*YOUR GOAL*:
Show every line from the data below that includes "else".
§ §
End TopVertexFirst.

End PersistentGraph.

Theorem proposition4 (n : nat) (e : rel 'I_n) (k : nat) (p : nat -> 'I_n) :
  persistent e -> 4 <= k -> induced_cycle e k p ->
  exists (s : nat) (rev : bool), s < k /\
    let q := fun i => p (cyc_index k s rev i) in
    [/\ q 2 < q 0,
        (forall i, 2 <= i -> i.+1 < k -> q i.+1 < q i)
      & q 1 < q k.-1].
Proof.
case=> [[e_sym _] [_ [e_X e_bar]]] k_ge4 p_cycle.
have [s sk p_max] : exists2 s, s < k & forall i, i < k -> p i <= p s.
  have [s max_s] :=
    eq_bigmax (fun i : 'I_k => nat_of_ord (p i)) ltac:(rewrite card_ord; lia).
  by exists s => // i ik; rewrite -max_s; exact: (leq_bigmax (Ordinal ik)).
pose q rev i := p (cyc_index k s rev i).
have q_cycle rev : induced_cycle e k (q rev) := induced_cycle_reindex rev sk p_cycle.
have q_top rev i : i < k -> q rev i <= q rev 0.
  by move=> ik; rewrite /q cyc_index0 // p_max // cyc_index_lt //; lia.
have q_shape rev := top_first_cycle_shape e_sym e_X e_bar k_ge4 (q_cycle rev) (q_top rev).
have flip1 : q true 1 = q false k.-1 by rewrite /q cyc_index_rev ?subn1 //; lia.
have flip2 : q true k.-1 = q false 1.
  by rewrite /q cyc_index_rev; [congr (p (cyc_index _ _ _ _)); lia|lia..].
exists s; have [lt1|gt1] := ltnP (q false 1) (q false k.-1).
  by exists false; split=> //; apply: q_shape.
exists true; split=> //; apply: q_shape; rewrite flip1 flip2.
by rewrite (cycle_ltE (q_cycle false)) //; lia.
Qed.
(* Let $(t_n)_{n\ge1}$ be $\mathbb N$-valued random variables on a probability space, adapted to a filtration $(\mathcal F_n)_{n\ge0}$ (i.e. $t_n$ is $\mathcal F_n$-measurable), and let $p\colon\mathbb N\to[0,1]$ be such that $\mathbb P[t_n=T\mid\mathcal F_{n-1}]\le p(T)$ for all $n,T$, and $R:=\sum_{T=1}^\infty Tp(T)<\infty$. Then $\limsup_{n\to\infty}\frac1n\sum_{k=1}^nt_k\le R$ almost surely. *)

From HB Require Import structures.
From mathcomp Require Import all_boot all_order all_algebra.
From mathcomp Require Import all_classical all_reals all_analysis.
Set Implicit Arguments. Unset Strict Implicit. Unset Printing Implicit Defensive.
Import Order.TTheory GRing.Theory Num.Theory.
Local Open Scope classical_set_scope.
Local Open Scope ring_scope.

Definition is_filtration d (T : measurableType d) (F : nat -> set (set T)) :=
  (forall n, sigma_algebra setT (F n)) /\
  (forall n, F n `<=` measurable) /\
  (forall n, F n `<=` F n.+1).

(* t_n : T -> nat is F_n-measurable (nat carries the discrete sigma-algebra),
   for every n >= 1. *)
Definition adapted_from1 d (T : measurableType d) (F : nat -> set (set T))
    (t : nat -> T -> nat) :=
  forall n, (1 <= n)%N -> forall B : set nat, F n (t n @^-1` B).

(* P[t_n = k | F_{n-1}] <= p k  a.s., expressed through the defining property
   of conditional probability: for every A in F_{n-1},
   P(A /\ {t_n = k}) = E[1_A P[t_n = k | F_{n-1}]] <= p k * P(A). *)
Definition cond_prob_bound d (T : measurableType d) (R : realType)
    (P : probability T R) (F : nat -> set (set T)) (t : nat -> T -> nat)
    (p : nat -> R) :=
  forall n, (1 <= n)%N -> forall k : nat, forall A, F n.-1 A ->
    (P (A `&` [set w | t n w = k]) <= (p k)%:E * P A)%E.

(* Truncate: Y_n := t_n 1_{t_n <= n} and S_n := Y_1 + ... + Y_n.  Since
   P[t_k > k] <= sum_{i > k} p(i) and sum_k sum_{i > k} p(i) = R < oo,
   Borel-Cantelli gives t_k = Y_k for all large k, almost surely.  The bound on
   the conditional law gives E[Y_{n+1} | F_n] <= R and E[Y_{n+1}^2] <= v(n+1),
   where v(n) := sum_{y <= n} y^2 p(y); expanding the square of the positive
   part yields E[((S_n - nR)^+)^2] <= n (v(n) + R^2), hence by Chebyshev
   P[S_n > n(R + e)] <= (v(n) + R^2) / (n e^2).  Along an integer sequence n_j
   growing geometrically with ratio about 1 + 1/(m+1), sum_j v(n_j)/n_j is at
   most (m+2) R, so Borel-Cantelli again gives S_{n_j} <= n_j (R + 1/(m+1))
   eventually, almost surely, and interpolating between consecutive n_j gives
   limsup S_n / n <= R. *)

From HB Require Import structures.
From mathcomp Require Import all_boot all_order all_algebra.
From mathcomp Require Import all_classical all_reals all_analysis.
From mathcomp Require Import lra zify ring.
Import Order.TTheory GRing.Theory Num.Theory.
Set Implicit Arguments. Unset Strict Implicit. Unset Printing Implicit Defensive.
Local Open Scope classical_set_scope.
Local Open Scope ring_scope.

Section sigma_algebra_closure.
Variables (T : Type) (G : set (set T)).
Hypothesis saG : sigma_algebra setT G.

Lemma sa_set0 : G set0. Proof. by case: saG. Qed.

Lemma sa_setC A : G A -> G (~` A).
Proof. by case: saG => _ GC _ /GC; rewrite setTD. Qed.

Lemma sa_setT : G setT. Proof. by rewrite -setC0; apply: sa_setC sa_set0. Qed.

Lemma sa_bigcup (A : (set T)^nat) : (forall n, G (A n)) -> G (\bigcup_n A n).
Proof. by case: saG => _ _; apply. Qed.

Lemma sa_setI A B : G A -> G B -> G (A `&` B).
Proof.
move=> GA GB; rewrite -(setCK (A `&` B)) setCI -bigcup2E; apply/sa_setC/sa_bigcup.
by case=> [|[|n]] /=; [exact: sa_setC|exact: sa_setC|exact: sa_set0].
Qed.

End sigma_algebra_closure.

Section filtration.
Context d (T : measurableType d) (F : nat -> set (set T)).
Hypothesis hF : is_filtration F.

Lemma filtration_sigma n : sigma_algebra setT (F n).
Proof. by case: hF. Qed.

Lemma filtration_measurable n A : F n A -> measurable A.
Proof. by case: hF => _ [+ _]; apply. Qed.

Lemma filtration_homo m n A : (m <= n)%N -> F m A -> F n A.
Proof.
move=> /subnK <-; elim: (n - m)%N => [//|k IH] /IH.
by case: hF => _ [_ FS]; rewrite addSn; apply: FS.
Qed.

End filtration.

Section real_probability.
Context d (T : measurableType d) (R : realType) (P : probability T R).

Definition pr (A : set T) : R := fine (P A).

Lemma prE A : measurable A -> P A = (pr A)%:E.
Proof.
move=> mA; rewrite /pr fineK// ge0_fin_numE//.
by rewrite (le_lt_trans (probability_le1 P mA)) ?ltey.
Qed.

Lemma pr_ge0 A : 0 <= pr A.
Proof. by rewrite /pr fine_ge0. Qed.

Lemma pr_le A B : measurable A -> measurable B -> A `<=` B -> pr A <= pr B.
Proof.
by move=> mA mB AB; rewrite -lee_fin -!prE//; apply: le_measure; rewrite ?inE.
Qed.

Lemma pr0 : pr set0 = 0.
Proof. by rewrite /pr measure0. Qed.

Lemma prT : pr setT = 1.
Proof. by rewrite /pr probability_setT. Qed.

Lemma pr_sum_fibers (B : set T) (h : T -> nat) (M : nat) :
  measurable B -> (forall a, measurable [set w | h w = a]) ->
  (forall w, (h w < M)%N) ->
  pr B = \sum_(a < M) pr (B `&` [set w | h w = a]).
Proof.
move=> mB mh hM.
have mBh a : measurable (B `&` [set w | h w = a]) by exact: measurableI.
have tBh : trivIset setT (fun a => B `&` [set w | h w = a]).
  by move=> i j _ _ [w [[_ <-] [_ <-]]].
have BE : B = \big[setU/set0]_(a < M) (B `&` [set w | h w = a]).
  rewrite -(bigcup_mkord M (fun a => B `&` [set w | h w = a])).
  by apply/seteqP; split => [w Bw|w [a _ []]//]; exists (h w) => //=.
apply: EFin_inj; rewrite -sumEFin -prE//.
have := measure_bigsetU P mBh tBh M; rewrite -BE => ->.
by apply: eq_bigr => a _; rewrite -prE.
Qed.

End real_probability.

Section borel_cantelli.
Context d (T : measurableType d) (R : realType) (mu : {measure set T -> \bar R}).

Lemma ae_eventually_notin (E : (set T)^nat) : (forall n, measurable (E n)) ->
  (\sum_(0 <= n <oo) mu (E n) < +oo)%E -> {ae mu, forall w, \forall n \near \oo, ~ E n w}.
Proof.
move=> mE finE; exists (lim_sup_set E); split; last first.
- move=> w /= Ew n _; apply: contrapT => nEw; apply: Ew; exists n => // j /= nj Ejw.
  by apply: nEw; exists j.
- exact: lim_sup_set_cvg0.
- by apply: bigcapT_measurable => n; apply: bigcup_measurable.
Qed.

End borel_cantelli.

Lemma nneseries_lt_pinfty (R : realType) (u : nat -> R) (C : R) :
  (forall k, 0 <= u k) -> (forall J, \sum_(j < J) u j <= C) ->
  (\sum_(0 <= j <oo) (u j)%:E < +oo)%E.
Proof.
move=> u0 uC; apply: (@le_lt_trans _ _ C%:E); last exact: ltry.
apply: lime_le; first by apply: is_cvg_nneseries => n _ _; rewrite lee_fin.
by exists 0%N => // J _ /=; rewrite sumEFin lee_fin big_mkord.
Qed.

Fixpoint geom_grid (m j : nat) : nat :=
  if j is j'.+1 then (geom_grid m j' + geom_grid m j' %/ m.+1 + 1)%N else 1%N.

Lemma geom_grid_gt0 m j : (0 < geom_grid m j)%N.
Proof. by case: j => //= j; rewrite addn1. Qed.

Lemma geom_grid_ltS m j : (geom_grid m j < geom_grid m j.+1)%N.
Proof. by rewrite /= addn1 ltnS leq_addr. Qed.

Lemma geom_grid_gt m j : (j < geom_grid m j)%N.
Proof.
by elim: j => [|j IH]; [exact: geom_grid_gt0|exact: leq_ltn_trans IH (geom_grid_ltS m j)].
Qed.

Lemma geom_grid_homo m : {homo geom_grid m : j k / (j <= k)%N}.
Proof.
move=> j k /subnK <-; elim: (k - j)%N => [//|i IH].
by rewrite addSn (leq_trans IH) // ltnW // geom_grid_ltS.
Qed.

Lemma geom_grid_ratio m j : (m.+2 * geom_grid m j <= m.+1 * geom_grid m j.+1)%N.
Proof.
rewrite /=; set a := geom_grid m j.
have := ltn_ceil a (ltn0Sn m); rewrite mulSn mulnDr mulnDr.
rewrite [(m.+1 * a)%N]mulnC [(m.+1 * (a %/ m.+1))%N]mulnC; lia.
Qed.

Lemma geom_grid_bracket m J n : (geom_grid m J <= n)%N ->
  exists j, [/\ (J <= j)%N, (geom_grid m j <= n)%N & (n < geom_grid m j.+1)%N].
Proof.
move=> Jn; suff : forall i, (n < geom_grid m (J + i))%N ->
    exists j, [/\ (J <= j)%N, (geom_grid m j <= n)%N & (n < geom_grid m j.+1)%N].
  by apply; apply: leq_ltn_trans (geom_grid_gt m (J + n.+1)); lia.
elim=> [|i IH]; first by rewrite addn0 ltnNge Jn.
have [/IH//|iJn] := ltnP n (geom_grid m (J + i)).
by exists (J + i)%N; rewrite leq_addr -addnS.
Qed.

Section geom_grid_sums.
Variable R : realType.

Lemma inv_le_telescope (M a b : R) : 0 < a -> 0 < b -> (M + 1) * a <= M * b ->
  a^-1 <= (M + 1) * (a^-1 - b^-1).
Proof.
move=> a0 b0 ab; rewrite -subr_ge0.
have -> : (M + 1) * (a^-1 - b^-1) - a^-1 = (M * b - (M + 1) * a) / (a * b).
  by field; rewrite !lt0r_neq0.
by rewrite divr_ge0 ?subr_ge0 // mulr_ge0 // ltW.
Qed.

(* Telescoping against [j |-> 1 / max y n_j], which drops by at least a factor
   (m+1)/(m+2) at each step where n_j >= y. *)
Lemma sum_inv_geom_grid m (y J : nat) : (0 < y)%N ->
  \sum_(j < J) (if (y <= geom_grid m j)%N then (geom_grid m j)%:R^-1 else 0)
  <= m.+2%:R / y%:R :> R.
Proof.
move=> y0; pose f j : R := (maxn y (geom_grid m j))%:R^-1.
apply: (@le_trans _ _ (\sum_(j < J) m.+2%:R * (f j - f j.+1))).
  apply: ler_sum => j _; have jS := ltnW (geom_grid_ltS m j).
  have fS : f j.+1 <= f j.
    rewrite lef_pV2 ?posrE ?ltr0n ?leq_max ?y0 // ler_nat.
    by rewrite geq_max leq_maxl leq_max jS orbT.
  case: ifP => [yj|_]; last by rewrite mulr_ge0 ?subr_ge0.
  rewrite /f (maxn_idPr yj) (maxn_idPr (leq_trans yj jS)) -natr1.
  apply: inv_le_telescope; rewrite ?ltr0n ?geom_grid_gt0 // natr1 -!natrM ler_nat.
  exact: geom_grid_ratio.
rewrite -big_distrr /= ler_pM2l ?ltr0n // -(big_mkord xpredT (fun j => f j - f j.+1)).
have -> : \sum_(0 <= j < J) (f j - f j.+1) = f 0%N - f J.
  by rewrite -[RHS]opprB -telescope_sumr // -sumrN; apply: eq_bigr => j _; rewrite opprB.
by rewrite /f /= (maxn_idPl y0) lerBlDr lerDl invr_ge0.
Qed.

End geom_grid_sums.

Definition trunc (n x : nat) : nat := if (x <= n)%N then x else 0%N.

Definition trunc_sum (a : nat -> nat) (n : nat) : nat :=
  (\sum_(1 <= k < n.+1) trunc k (a k))%N.

Lemma trunc_le n x : (trunc n x <= n)%N.
Proof. by rewrite /trunc; case: ifP. Qed.

Lemma trunc_sumS a n : trunc_sum a n.+1 = (trunc_sum a n + trunc n.+1 (a n.+1))%N.
Proof. by rewrite /trunc_sum big_nat_recr. Qed.

Lemma trunc_sum_homo a : {homo trunc_sum a : n n' / (n <= n')%N}.
Proof.
move=> n n' /subnK <-; elim: (n' - n)%N => [//|i IH].
by rewrite addSn trunc_sumS (leq_trans IH) ?leq_addr.
Qed.

Lemma sum_le_trunc_sum a K : (forall k, (K <= k)%N -> (a k <= k)%N) -> forall n,
  (\sum_(1 <= k < n.+1) a k <= \sum_(1 <= k < K) a k + trunc_sum a n)%N.
Proof.
move=> aK; elim=> [|n IH]; first by rewrite big_geq.
have [Kn|nK] := leqP K n.+1; last first.
  by rewrite (@big_cat_nat _ _ _ n.+2 1 K) //=; lia.
rewrite big_nat_recr //= trunc_sumS /trunc aK //; lia.
Qed.

Section limsup_of_averages.
Variable R : realType.

Lemma limn_esup_le_near (u : R^nat) (r c : R) :
  (forall m, \forall n \near \oo, u n <= r + c / m.+1%:R) ->
  (limn_esup (fun n => (u n)%:E) <= r%:E)%E.
Proof.
move=> hu; rewrite limn_esup_lim; apply/lee_addgt0Pr => e e0.
have [m cme] : exists m, c / m.+1%:R <= e.
  exists (Num.truncn (c / e)); rewrite ler_pdivrMr ?ltr0n // [e * _]mulrC.
  by rewrite -ler_pdivrMr // ltW // truncnS_gt.
have [N _ hN] := hu m; apply: lime_le; first exact: is_cvg_esups.
exists N => // n /= Nn; apply: ge_ereal_sup => _ [k /= nk <-].
by rewrite lee_fin (le_trans (hN k (leq_trans Nn nk))) ?lerD2l.
Qed.

Lemma le_geom_grid_interpolation (s : nat -> R) (r : R) m J :
  0 <= r -> {homo s : a b / (a <= b)%N >-> a <= b} ->
  (forall j, (J <= j)%N -> s (geom_grid m j) <= (geom_grid m j)%:R * (r + m.+1%:R^-1)) ->
  forall n, (geom_grid m J <= n)%N -> s n <= n%:R * (r + (r + 2) / m.+1%:R) + (r + 1).
Proof.
move=> r0 s_homo sJ n /geom_grid_bracket[j [Jj jn nj]].
set dl : R := m.+1%:R^-1.
have dl0 : 0 < dl by rewrite invr_gt0 ltr0n.
have dl1 : dl <= 1 by rewrite invf_le1 ?ltr0n // ler1n.
have grid_step : (geom_grid m j.+1)%:R <= n%:R * (1 + dl) + 1 :> R.
  have jdiv : (geom_grid m j %/ m.+1)%:R <= (geom_grid m j)%:R * dl :> R.
    by rewrite ler_pdivlMr ?ltr0n // -natrM ler_nat leq_divM.
  have jnR : (geom_grid m j)%:R <= n%:R :> R by rewrite ler_nat.
  rewrite /= !natrD; nra.
have s_n : s n <= (geom_grid m j.+1)%:R * (r + dl).
  exact: le_trans (s_homo _ _ (ltnW nj)) (sJ _ (leq_trans Jj (leqnSn j))).
have ndl : 0 <= n%:R * dl by rewrite mulr_ge0 // ltW.
rewrite mulrC -/dl; nra.
Qed.

Lemma limn_esup_avg_le (a : nat -> nat) (r : R) : 0 <= r ->
  (\forall k \near \oo, (a k <= k)%N) ->
  (forall m, \forall j \near \oo,
     (trunc_sum a (geom_grid m j))%:R <= (geom_grid m j)%:R * (r + m.+1%:R^-1)) ->
  (limn_esup (fun n => ((n%:R)^-1 * \sum_(1 <= k < n.+1) (a k)%:R)%:E) <= r%:E)%E.
Proof.
move=> r0 [K _ aK] hs; apply: (@limn_esup_le_near _ _ (r + 3)) => m.
have [J _ sJ] := hs m; set C := (\sum_(1 <= k < K) a k)%N.
near=> n.
have Jn : (geom_grid m J <= n)%N by near: n; exact: nbhs_infty_ge.
have n0 : 0 < n%:R :> R by rewrite ltr0n; near: n; exact: nbhs_infty_gt.
have C_le : C%:R + r + 1 <= n%:R / m.+1%:R :> R.
  by rewrite ler_pdivlMr ?ltr0n //; near: n; exact: nbhs_infty_ger.
have sum_le : \sum_(1 <= k < n.+1) (a k)%:R <= C%:R + (trunc_sum a n)%:R :> R.
  by rewrite -natr_sum -natrD ler_nat sum_le_trunc_sum.
have s_homo : {homo (fun n => (trunc_sum a n)%:R : R) : x y / (x <= y)%N >-> x <= y}.
  by move=> x y xy; rewrite ler_nat trunc_sum_homo.
have := le_geom_grid_interpolation r0 s_homo sJ Jn.
set D := n%:R / m.+1%:R in C_le *.
have expand c : n%:R * (r + (r + c) / m.+1%:R) = n%:R * r + r * D + c * D.
  by rewrite /D; ring.
rewrite ler_pdivrMl // !expand; lra.
Unshelve. all: by end_near.
Qed.
End limsup_of_averages.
§ §
*YOUR RESPONSE*:
  if j is j'.+1 then (geom_grid m j' + geom_grid m j' %/ m.+1 + 1)%N else 1%N.
  \sum_(j < J) (if (y <= geom_grid m j)%N then (geom_grid m j)%:R^-1 else 0)
Definition trunc (n x : nat) : nat := if (x <= n)%N then x else 0%N.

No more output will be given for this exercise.